-------- GIVEN ENTRIES --------

(* Let $V\subseteq R_d$ be a Gotzmann monomial vector space and let $V=V_0\oplus x_iV_1$ be its $x_i$-decomposition. Then $V_0$ is Gotzmann in $Q=R/(x_i)$.
   Context: Let $\Bbbk$ be a field, $R=\Bbbk[x_1,\dots,x_n]/(x_1^2,\dots,x_n^2)$, $R_d$ its degree-$d$ component. A monomial vector space is a subspace of some $R_d$ spanned by monomials; for such $V$, $\mathbf m_1V$ is the span of $\{x_jm\}$ over monomials $m\in V$ and all $j$. A subspace $V\subseteq R_d$ is Gotzmann if $|\mathbf m_1V|\le|\mathbf m_1W|$ for every subspace $W\subseteq R_d$ with $|W|=|V|$ ($|\cdot|$ denotes dimension). Fix a variable $x_i$, let $Q=R/(x_i)$ (the analogous squarefree ring in the variables other than $x_i$, with $\mathbf n_1$ the analogous operation and Gotzmann defined analogously in $Q$). The $x_i$-decomposition of a monomial vector space $V\subseteq R_d$ is $V=V_0\oplus x_iV_1$, where $V_0\subseteq Q_d$ is spanned by the monomials of $V$ not divisible by $x_i$ and $V_1\subseteq Q_{d-1}$ is spanned by the monomials $m$ with $x_im\in V$. *)

From HB Require Import structures.
From mathcomp Require Import all_boot all_order all_algebra.
Set Implicit Arguments. Unset Strict Implicit. Unset Printing Implicit Defensive.
Import GRing.Theory.
Local Open Scope ring_scope.

(* The squarefree algebra R = K[x_0..x_{n-1}]/(x_0^2,...,x_{n-1}^2), as a
   K-vector space with basis the squarefree monomials x_S, S : {set 'I_n}.
   An element is its coefficient function S |-> coefficient of x_S. *)
Definition sqf (K : fieldType) (n : nat) := {ffun {set 'I_n} -> K^o}.

Definition mono (K : fieldType) (n : nat) (S : {set 'I_n}) : sqf K n :=
  [ffun T : {set 'I_n} => if T == S then 1 else 0].

(* multiplication by the variable x_j : x_j * x_T = x_(T u {j}) if j \notin T,
   and 0 otherwise. *)
Definition xmul (K : fieldType) (n : nat) (j : 'I_n) (f : sqf K n) : sqf K n :=
  [ffun T : {set 'I_n} => if j \in T then f (T :\ j) else 0].

(* The degree-d component of the squarefree algebra in the variables
   {x_j | j \in A}: span of the monomials x_S with S \subset A, #|S| = d.
   For A = [set: 'I_n] this is R_d; for A = ~: [set i] this is Q_d with
   Q = R/(x_i) (identified with the span of monomials not divisible by x_i). *)
Definition homog (K : fieldType) (n : nat) (A : {set 'I_n}) (d : nat)
  : {vspace sqf K n} :=
  <<[seq mono K X | X <- enum [set X : {set 'I_n} | (X \subset A) && (#|X| == d)]]>>%VS.

Definition m1 (K : fieldType) (n : nat) (A : {set 'I_n}) (W : {vspace sqf K n})
  : {vspace sqf K n} :=
  (\sum_(j in A) (linfun (xmul j) @: W))%VS.

Definition gotzmann (K : fieldType) (n : nat) (A : {set 'I_n}) (d : nat)
  (V : {vspace sqf K n}) : Prop :=
  (V <= homog K A d)%VS /\
  forall W : {vspace sqf K n}, (W <= homog K A d)%VS -> \dim W = \dim V ->
    (\dim (m1 A V) <= \dim (m1 A W))%N.

Definition monomial_space (K : fieldType) (n : nat) (d : nat)
  (V : {vspace sqf K n}) : Prop :=
  exists M : {set {set 'I_n}}, (forall S, S \in M -> #|S| = d) /\
    V = <<[seq mono K X | X <- enum M]>>%VS.

Definition xdecomp0 (K : fieldType) (n : nat) (i : 'I_n) (d : nat)
  (V : {vspace sqf K n}) : {vspace sqf K n} :=
  <<[seq mono K X | X <- enum [set X : {set 'I_n} |
        [&& #|X| == d, i \notin X & mono K X \in V]]]>>%VS.

From HB Require Import structures.
From mathcomp Require Import all_boot all_order all_algebra.

Set Implicit Arguments.
Unset Strict Implicit.
Unset Printing Implicit Defensive.

Import GRing.Theory.

(* A monomial space spanned by a family M of d-subsets has m_1 spanned by the upper
   shadow of M, and taking leading monomials in the order of binary weights
   (S |-> sum_(t in S) 2^t) shows that dim m_1 W is at least the shadow of the
   leading-term family of W.  Hence V is Gotzmann iff M has minimal upper shadow among
   families of its size.  Compressions (replacing U by V inside a set, with V heavier
   than U) show that initial segments of the binary order have minimal shadow; they are
   nested, and the shadow of an initial segment is again one.  Writing
   M = M_0 + x_i M_1, the shadow splits as |dM| = |dM_0| + |M_0 u dM_1|.  For F of the
   size of M_0, replace F and M_1 by initial segments L_0 and L_1: minimality of M
   against L_0 + x_i L_1 gives |dM_0| + |M_0 u dM_1| <= |dL_0| + max(|L_0|, |dL_1|),
   and the maximum is at most |M_0 u dM_1|, so |dM_0| <= |dL_0| <= |dF|. *)

(** * Binary order and compressions *)

Section BinaryOrder.
Variable n : nat.
Implicit Types (A B S U V : {set 'I_n}).

Definition binary S : nat := \sum_(t in S) 2 ^ t.

Lemma binaryD1 S j : j \in S -> binary S = binary (S :\ j) + 2 ^ j.
Proof. by move=> jS; rewrite /binary (big_setD1 _ jS) addnC. Qed.

Lemma expn_le_binary S j : j \in S -> 2 ^ j <= binary S.
Proof. by move=> /binaryD1 ->; apply: leq_addl. Qed.

Lemma binary_lt_expn S m : (forall t, t \in S -> t < m) -> binary S < 2 ^ m.
Proof.
elim: m S => [|m IH] S ltSm.
  suff -> : S = set0 by rewrite /binary big_set0.
  by apply/setP=> t; rewrite inE; apply/negbTE/negP=> /ltSm.
have [/exists_inP [t tS /eqP tm] | noSm] := boolP [exists t in S, val t == m].
  rewrite (binaryD1 tS) tm expnS mul2n -addnn ltn_add2r; apply: IH => u.
  rewrite !inE => /andP [ut uS]; move: (ltSm u uS); rewrite ltnS leq_eqVlt.
  by case/orP => [/eqP|//]; rewrite -tm => /val_inj ue; rewrite ue eqxx in ut.
apply: (leq_trans (IH S _)); last by rewrite leq_exp2l.
move=> t tS; move: (ltSm t tS); rewrite ltnS leq_eqVlt => /orP [/eqP tm|//].
by move: noSm; rewrite negb_exists_in => /forall_inP /(_ t tS); rewrite -tm eqxx.
Qed.

Lemma binary_setID A B : binary A = binary (A :&: B) + binary (A :\: B).
Proof. exact: big_setID. Qed.

Lemma binary_setU A B : [disjoint A & B] -> binary (A :|: B) = binary A + binary B.
Proof. by move=> dAB; rewrite /binary -bigU //; apply: eq_bigl => x; rewrite !inE. Qed.

Lemma binary_setDS A B : B \subset A -> binary A = binary B + binary (A :\: B).
Proof. by move=> sBA; rewrite (binary_setID A B) (setIidPr sBA). Qed.

Lemma binary_lt_max U V m : [disjoint U & V] -> m \in V ->
  (forall t, t \in U :|: V -> t <= m) -> binary U < binary V.
Proof.
move=> dUV mV maxm; apply: (leq_trans _ (expn_le_binary mV)); apply: binary_lt_expn => t tU.
rewrite ltn_neqAle (maxm t) ?inE ?tU // andbT; apply/eqP => /val_inj tm.
by move: dUV; rewrite disjoint_sym => /disjointFr /(_ mV); rewrite -tm tU.
Qed.

Lemma set_max S : S != set0 -> exists2 m, m \in S & forall t, t \in S -> t <= m.
Proof.
by case/set0Pn => t0 t0S; case: (arg_maxnP (@nat_of_ord n) t0S) => m; exists m.
Qed.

--------

◆ EXERCISE DETAILS
Nothing but the lines from the one with "Lemma binaryD1 S" through the last line of the entries should be repeated, and those exactly.

◆ TASK OUTPUT
Lemma binaryD1 S j : j \in S -> binary S = binary (S :\ j) + 2 ^ j.
Proof. by move=> jS; rewrite /binary (big_setD1 _ jS) addnC. Qed.

Lemma expn_le_binary S j : j \in S -> 2 ^ j <= binary S.
Proof. by move=> /binaryD1 ->; apply: leq_addl. Qed.

Lemma binary_lt_expn S m : (forall t, t \in S -> t < m) -> binary S < 2 ^ m.
Proof.
elim: m S => [|m IH] S ltSm.
  suff -> : S = set0 by rewrite /binary big_set0.
  by apply/setP=> t; rewrite inE; apply/negbTE/negP=> /ltSm.
have [/exists_inP [t tS /eqP tm] | noSm] := boolP [exists t in S, val t == m].
  rewrite (binaryD1 tS) tm expnS mul2n -addnn ltn_add2r; apply: IH => u.
  rewrite !inE => /andP [ut uS]; move: (ltSm u uS); rewrite ltnS leq_eqVlt.
  by case/orP => [/eqP|//]; rewrite -tm => /val_inj ue; rewrite ue eqxx in ut.
apply: (leq_trans (IH S _)); last by rewrite leq_exp2l.
move=> t tS; move: (ltSm t tS); rewrite ltnS leq_eqVlt => /orP [/eqP tm|//].
by move: noSm; rewrite negb_exists_in => /forall_inP /(_ t tS); rewrite -tm eqxx.
Qed.

Lemma binary_setID A B : binary A = binary (A :&: B) + binary (A :\: B).
Proof. exact: big_setID. Qed.

Lemma binary_setU A B : [disjoint A & B] -> binary (A :|: B) = binary A + binary B.
Proof. by move=> dAB; rewrite /binary -bigU //; apply: eq_bigl => x; rewrite !inE. Qed.

Lemma binary_setDS A B : B \subset A -> binary A = binary B + binary (A :\: B).
Proof. by move=> sBA; rewrite (binary_setID A B) (setIidPr sBA). Qed.

Lemma binary_lt_max U V m : [disjoint U & V] -> m \in V ->
  (forall t, t \in U :|: V -> t <= m) -> binary U < binary V.
Proof.
move=> dUV mV maxm; apply: (leq_trans _ (expn_le_binary mV)); apply: binary_lt_expn => t tU.
rewrite ltn_neqAle (maxm t) ?inE ?tU // andbT; apply/eqP => /val_inj tm.
by move: dUV; rewrite disjoint_sym => /disjointFr /(_ mV); rewrite -tm tU.
Qed.

Lemma set_max S : S != set0 -> exists2 m, m \in S & forall t, t \in S -> t <= m.
Proof.
by case/set0Pn => t0 t0S; case: (arg_maxnP (@nat_of_ord n) t0S) => m; exists m.
Qed.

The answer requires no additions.